IRAS has produced 6 training modules for climate change adaptation with 70 technical activities (examples include planting broad beans and dill, or raising fish and frogs), complete with printed booklets and training methodology. Government officials and village farmers selected suitable activities from this range to implement in their village during the project’s implementation phase between 2011 and 2015. Now, after the project’s successful closure, local officials are eager to bring the project results to other Lao provinces. Above mentioned adaptation activities as well as trainings on disaster risk preparedness and gender and climate change adaptation developed and piloted by the project are scheduled for implementation in other parts of the country. Instrumental in disseminating the results of the project and implementing its tried, tested and proven activities is the new Research Center on Climate Resilience in the Agriculture Sector, to be inaugurated in a few weeks by the Ministry of Agriculture and Forestry.   

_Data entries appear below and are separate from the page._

(* Let $r\ge2$, $n\ge2r$, and let $H\subseteq\binom{\Omega_n}{r}$ be $M_1^{(r)}$-saturated. Then: (1) for all $i$, $\rho(v_{i+1})=\lambda(v_i)$; (2) for all distinct $v_i,v_j$, $|[\rho(v_i),\lambda(v_i)]\cap[\rho(v_j),\lambda(v_j)]|\le1$; (3) for every $j$, there is exactly one vertex $v_i$ such that the interval $[\rho(v_i),\lambda(v_i)]$ contains both $v_j$ and $v_{j+1}$; (4) if $\lambda(v_i)\neq\rho(v_i)$, then $\lambda(\rho(v_i))=v_i$ and $\rho(\rho(v_i))\in[\lambda(v_i),v_i)$.
   Context: $\Omega_n=\{v_0,\dots,v_{n-1}\}$ with cyclic order $v_0<\dots<v_{n-1}<v_0$, indices mod $n$. For distinct vertices $u,w$, $(u,w)$ is the set of vertices strictly between $u$ and $w$ moving clockwise from $u$ to $w$; $[u,w]=(u,w)\cup\{u,w\}$, $[u,w)=(u,w)\cup\{u\}$; $[u,u]=\{u\}$. An $r$-cgh $H\subseteq\binom{\Omega_n}{r}$ is $M_1^{(r)}$-saturated if there are no edges $h_1,h_2\in H$ and vertices $u\neq u'$ with $h_1\subseteq[u,u']$ and $h_2\cap[u,u']=\emptyset$, but for every $e\in\binom{\Omega_n}{r}\setminus H$ such a pair exists in $H\cup\{e\}$. In such $H$ every vertex lies in an edge. $\lambda(v_i)$ is the vertex $u$ such that some $h\in H$ with $v_i\in h$ satisfies $h\subseteq[u,v_i]$, while no $h\in H$ with $v_i\in h$ satisfies $h\subseteq[u',v_i]$, $u'$ the clockwise successor of $u$. $\rho(v_i)$ is the vertex $u$ such that some $h\in H$ with $v_i\in h$ satisfies $h\subseteq[v_i,u]$ but none with $h\subseteq[v_i,u'']$, $u''$ the clockwise predecessor of $u$. *)

From mathcomp Require Import all_boot.
Set Implicit Arguments. Unset Strict Implicit. Unset Printing Implicit Defensive.

(* Vertices of Omega_n are the ordinals 'I_n, v_i = i, cyclic order 0<1<..<n-1<0. *)
Section Cyclic.
Variable n : nat.

Definition cdist (u x : 'I_n) : nat := (x + n - u) %% n.

(* closed clockwise interval [u,w]; [u,u] = {u} *)
Definition cint (u w : 'I_n) : {set 'I_n} := [set x | cdist u x <= cdist u w].

(* half-open clockwise interval [u,w) = [u,w] \ {w} for u <> w *)
Definition hoint (u w : 'I_n) : {set 'I_n} := [set x | cdist u x < cdist u w].

Definition uniform (r : nat) (H : {set {set 'I_n}}) : Prop :=
  forall h, h \in H -> #|h| = r.

(* H contains a copy of M_1^{(r)}: h1 in [u,u'], h2 disjoint from [u,u'] *)
Definition has_M1 (H : {set {set 'I_n}}) : Prop :=
  exists h1 h2 u u', [/\ h1 \in H, h2 \in H, u != u',
                        h1 \subset cint u u' & [disjoint h2 & cint u u']].

Definition M1_saturated (r : nat) (H : {set {set 'I_n}}) : Prop :=
  uniform r H /\ ~ has_M1 H /\
  (forall e : {set 'I_n}, #|e| = r -> e \notin H -> has_M1 (e |: H)).

Definition is_lambda (H : {set {set 'I_n}}) (v u : 'I_n) : bool :=
  [exists h in H, (v \in h) && (h \subset cint u v)] &&
  ~~ [exists h in H, (v \in h) && (h \subset cint (ordS u) v)].

Definition is_rho (H : {set {set 'I_n}}) (v u : 'I_n) : bool :=
  [exists h in H, (v \in h) && (h \subset cint v u)] &&
  ~~ [exists h in H, (v \in h) && (h \subset cint v (ord_pred u))].

(* "the vertex u" with the property (default v if none exists) *)
Definition lam (H : {set {set 'I_n}}) (v : 'I_n) : 'I_n :=
  odflt v [pick u | is_lambda H v u].
Definition rho (H : {set {set 'I_n}}) (v : 'I_n) : 'I_n :=
  odflt v [pick u | is_rho H v u].

End Cyclic.

(* Call a vertex set occupied when it contains an edge of H.  Everything
   rests on a dichotomy: for an arc [a,b] with complement [b+1,a-1], exactly
   one of the two is occupied.  "At most one" is the absence of M_1; "at
   least one" follows from saturation applied to an r-set through both ends
   of whichever arc has at least r vertices (n >= 2r).  Saturation also shows
   that an occupied arc whose interior is free contains an edge through both
   of its ends, which yields the characterizations: lambda(v) = u iff [u,v]
   is occupied and [u+1,v] is not, and symmetrically for rho.  Consequently
   [a,v] is occupied iff lambda(v) lies in it. *)

From mathcomp Require Import all_boot zify.
Set Implicit Arguments. Unset Strict Implicit. Unset Printing Implicit Defensive.

Section CyclicArithmetic.
Variable n : nat.
Implicit Types a b c p x y : 'I_n.

Lemma cdistE_le a c : a <= c -> cdist a c = c - a.
Proof.
move=> le_ac; rewrite /cdist; have := ltn_ord a; have := ltn_ord c => lt_cn lt_an.
have -> : c + n - a = (c - a) + n by lia.
by rewrite modnDr modn_small; lia.
Qed.

Lemma cdistE_gt a c : c < a -> cdist a c = n + c - a.
Proof. by move=> lt_ca; rewrite /cdist modn_small; have := ltn_ord a; have := ltn_ord c; lia. Qed.

Lemma ordSE_lt x : x.+1 < n -> ordS x = x.+1 :> nat.
Proof. by move=> lt_xn; rewrite /= modn_small. Qed.

Lemma ordSE_last x : n <= x.+1 -> ordS x = 0 :> nat.
Proof.
move=> le_nx /=; have -> : x.+1 = n by have := ltn_ord x; lia.
by rewrite modnn.
Qed.

Lemma ord_predE_pos x : 0 < x -> ord_pred x = x.-1 :> nat.
Proof.
move=> x_gt0; have := ltn_ord x => lt_xn; rewrite /=.
have -> : (x + n).-1 = x.-1 + n by lia.
by rewrite modnDr modn_small; lia.
Qed.

Lemma ord_predE_0 x : x <= 0 -> ord_pred x = n.-1 :> nat.
Proof. by move=> x0; rewrite /= modn_small; have := ltn_ord x; lia. Qed.

End CyclicArithmetic.

(* [ord_lia] proves a linear statement about cdist, ordS and ord_pred by
   expanding each of them, case by case, into plain arithmetic on the
   underlying natural numbers. *)
Ltac ord_lia :=
  rewrite ?inE;
  repeat match goal with
  | |- context [cdist ?a ?b] =>
      let h := fresh in
      case: (leqP a b) => h; [move: (cdistE_le h) | move: (cdistE_gt h)]; move: h;
      generalize (cdist a b); intros ?
  end;
  repeat match goal with
  | |- context [nat_of_ord (ordS ?a)] =>
      let h := fresh in
      lazymatch type of a with ordinal ?m => case: (ltnP a.+1 m) => h end;
      [move: (ordSE_lt h) | move: (ordSE_last h)]; move: h;
      generalize (nat_of_ord (ordS a)); intros ?
  | |- context [nat_of_ord (ord_pred ?a)] =>
      let h := fresh in
      case: (posnP a) => h; [move: (ord_predE_0 (eq_leq h)) | move: (ord_predE_pos h)];
      move: h; generalize (nat_of_ord (ord_pred a)); intros ?
  end;
  repeat match goal with |- context [nat_of_ord ?x] =>
    move: (ltn_ord x); generalize (nat_of_ord x); intros ? end;
  intros; lia.

Section RelativePositions.
Variable n : nat.
Implicit Types a b p x y : 'I_n.

Lemma cdist_rel_le p a b : cdist p a <= cdist p b -> cdist a b = cdist p b - cdist p a.
Proof. ord_lia. Qed.
Lemma cdist_rel_gt p a b : cdist p b < cdist p a -> cdist a b = n + cdist p b - cdist p a.
Proof. ord_lia. Qed.
Lemma cdist_ordS_lt p x : (cdist p x).+1 < n -> cdist p (ordS x) = (cdist p x).+1.
Proof. ord_lia. Qed.
Lemma cdist_ordS_last p x : n <= (cdist p x).+1 -> cdist p (ordS x) = 0.
Proof. ord_lia. Qed.
Lemma cdist_ord_pred_pos p x : 0 < cdist p x -> cdist p (ord_pred x) = (cdist p x).-1.
Proof. ord_lia. Qed.
Lemma cdist_ord_pred_0 p x : cdist p x <= 0 -> cdist p (ord_pred x) = n.-1.
Proof. ord_lia. Qed.
Lemma cdist_ltn p x : cdist p x < n.
Proof. ord_lia. Qed.
Lemma cdist_eqE p x y : (x == y) = (cdist p x == cdist p y).
Proof. by apply/eqP/eqP=> [->//|e]; apply: val_inj => /=; move: e; ord_lia. Qed.
Lemma cdist_id p : cdist p p = 0.
Proof. ord_lia. Qed.

End RelativePositions.

(* [arc_lia p] proves a linear statement about arcs cint/hoint by expressing
   all positions as clockwise distances from the base point p. *)
Ltac arc_lia p :=
  rewrite ?inE ?(cdist_eqE p);
  repeat match goal with
  | |- context [cdist ?a ?b] =>
      tryif constr_eq a p then fail else
      let h := fresh in
      case: (leqP (cdist p a) (cdist p b)) => h;
        [move: (cdist_rel_le h) | move: (cdist_rel_gt h)]; move: h;
      generalize (cdist a b); intros ?
  end;
  repeat match goal with
  | |- context [cdist p (ordS ?x)] =>
      let h := fresh in
      lazymatch type of x with ordinal ?m =>
      case: (ltnP (cdist p x).+1 m) => h end;
        [move: (cdist_ordS_lt h) | move: (cdist_ordS_last h)]; move: h;
      generalize (cdist p (ordS x)); intros ?
  | |- context [cdist p (ord_pred ?x)] =>
      let h := fresh in
      case: (posnP (cdist p x)) => h;
        [move: (cdist_ord_pred_0 (eq_leq h)) | move: (cdist_ord_pred_pos h)]; move: h;
      generalize (cdist p (ord_pred x)); intros ?
  end;
  rewrite ?cdist_id;
  repeat match goal with
  | |- context [cdist p ?x] => move: (cdist_ltn p x); generalize (cdist p x); intros ?
  end;
  intros; lia.

Section Arcs.
Variable n : nat.
Implicit Types a b c d i j l p q u v x y z : 'I_n.

Lemma mem_cint_l a b : a \in cint a b. Proof. arc_lia a. Qed.
Lemma mem_cint_r a b : b \in cint a b. Proof. arc_lia a. Qed.

Lemma cint_id a : cint a a = [set a].
Proof. apply/setP=> x; rewrite !inE; apply/idP/idP; arc_lia a. Qed.

Lemma cint_full a b : ordS b = a -> cint a b = setT.
Proof. move=> e; apply/setP=> x; rewrite !inE; move/eqP: e; arc_lia a. Qed.

Lemma setC_cint a b : ordS b != a -> ~: cint a b = cint (ordS b) (ord_pred a).
Proof. move=> ne; apply/setP=> x; rewrite !inE; apply/idP/idP; move: ne; arc_lia a. Qed.

Lemma cint_sub_cint p q c d : c \notin cint p q -> d \notin cint p q ->
  p \in cint c d -> cint p q \subset cint c d.
Proof. move=> cn dn pin; apply/subsetP=> x; move: cn dn pin; arc_lia p. Qed.

Lemma cint_sub_setC_cint p q c d : c \notin cint p q -> d \notin cint p q ->
  p \notin cint c d -> cint p q \subset ~: cint c d.
Proof. move=> cn dn pn; apply/subsetP=> x; move: cn dn pn; arc_lia p. Qed.

Lemma mem_cint_ordSl u v x : x \in cint u v -> x != u -> x \in cint (ordS u) v.
Proof. arc_lia u. Qed.

Lemma mem_cint_ord_predr v u x : x \in cint v u -> x != u -> x \in cint v (ord_pred u).
Proof. arc_lia v. Qed.

Lemma cint_ord_pred_subr p u : p != u -> cint p (ord_pred u) \subset cint p u.
Proof. by move=> pu; apply/subsetP=> x; move: pu; arc_lia p. Qed.

Lemma cint_subl l a v : l \in cint a v -> cint l v \subset cint a v.
Proof. by move=> la; apply/subsetP=> x; move: la; arc_lia a. Qed.
Lemma piece_le x i : (1 <= i < n)%N -> x <= zpt n D i -> (piece n D x <= i)%N.
Proof.
case/andP=> i1 iltn xz; rewrite /piece add1n (big_cat_nat (n:=i)) //=; last exact: ltnW.
rewrite [X in (_ + X)%N]big1_seq ?addn0; last first.
  move=> j /andP [_]; rewrite mem_index_iota => /andP [ij _].
  by rewrite ltNge (le_trans xz (@zpt_le i j ij)).
apply: (@leq_ltn_trans (\sum_(1 <= j < i) 1)%N).
  by apply: leq_sum => j _; apply: leq_b1.
by rewrite sum_nat_const_nat muln1; lia.
Qed.

Lemma piece_range x : (1 <= piece n D x <= n)%N.
Proof.
have : (\sum_(1 <= j < n) nat_of_bool (zpt n D j < x)%R <= \sum_(1 <= j < n) 1)%N.
  by apply: leq_sum => j _; apply: leq_b1.
by rewrite sum_nat_const_nat muln1 /piece; lia.
Qed.

Lemma Delta_le_dist_ypt x j : (1 <= j <= n)%N -> j != piece n D x ->
  Delta n D <= `|x - ypt n D j|.
Proof.
case/andP=> j1 jn; have /andP [p1 pn] := piece_range x.
rewrite neq_ltn => /orP [jp|pj].
  have zx : zpt n D j < x.
    rewrite ltNge; apply/negP => xz.
    suff : (piece n D x <= j)%N by lia.
    by apply: piece_le => //; lia.
  by rewrite ler_normr; apply/orP; left; move: zx; rewrite /zpt; lra.
case: j j1 jn pj => [//|i] _ jn pi.
have xz : x <= zpt n D i.
  rewrite leNgt; apply/negP => zx.
  suff : (i < piece n D x)%N by lia.
  by apply: piece_gt => //; lia.
by rewrite ler_normr yptS; apply/orP; right; lra.
Qed.

End Grid.

Definition dpmix {R : realType} (n : nat) (D t x : R) : R :=
  n%:R^-1 * \sum_(1 <= k < n.+1)
    gauss (x - ypt n D k) (Num.sqrt t) * ((ypt n D k - x) / t).

Section Mixture.
Variables (R : realType) (n : nat) (D t : R).
Hypothesis t0 : 0 < t.

Lemma pmix_gt0 (x : R) : (1 <= n)%N -> 0 < pmix n D t x.
Proof.
move=> n1; rewrite /pmix mulr_gt0 ?invr_gt0 ?ltr0n // big_ltn ?ltnS //.
have gt0 k : 0 < gauss (x - ypt n D k) (Num.sqrt t) by rewrite gauss_gt0 ?sqrtr_gt0.
by rewrite ltr_wpDr ?gt0 // sumr_ge0 // => k _; rewrite ltW ?gt0.
Qed.

Lemma is_derive_pmix (x : R) : is_derive x 1 (pmix n D t) (dpmix n D t x).
Proof.
apply: is_deriveZ; apply: is_derive_sum_seq => k.
have := @is_derive_gauss_shift R (ypt n D k) (Num.sqrt t) x.
by rewrite sqr_sqrtr ?ltW //; apply; rewrite gt_eqF // sqrtr_gt0.
Qed.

The Phin School pond is one of the 15 small reservoirs and 12 ponds created during the project. It is teeming with fish, generating enough income to re-invest into needed fodder and seedlings for the school’s garden and livestock raising activities.  The pond is also functioning as a valuable asset in those days of unexpected drought, as rainy seasons are more frequently interrupted by bouts of dry spells now – which destroys already planted seedlings. Irrigation from the pond takes care of this problem.

Alternating floods and droughts have in the past caused the villagers of Phin to fear for their rice harvests and, on occasion, go hungry. Now, they are looking into a brighter future. “Villagers now know not only how they can make sure they can feed their families, but they also understand the reasons for the changes in weather conditions”, smiles Ms. Bounsuay, Head of the District Agriculture and Forestry Office’s Agriculture Unit. “This type of knowledge helps them use both old practices and new techniques that do not contribute to the reasons for climate change.” For Kongsy, raising bullfrogs was a new activity that started with a leap of faith. Now, it’s business as usual – and it has allowed him to take his family into a financially and environmentally sustainable future.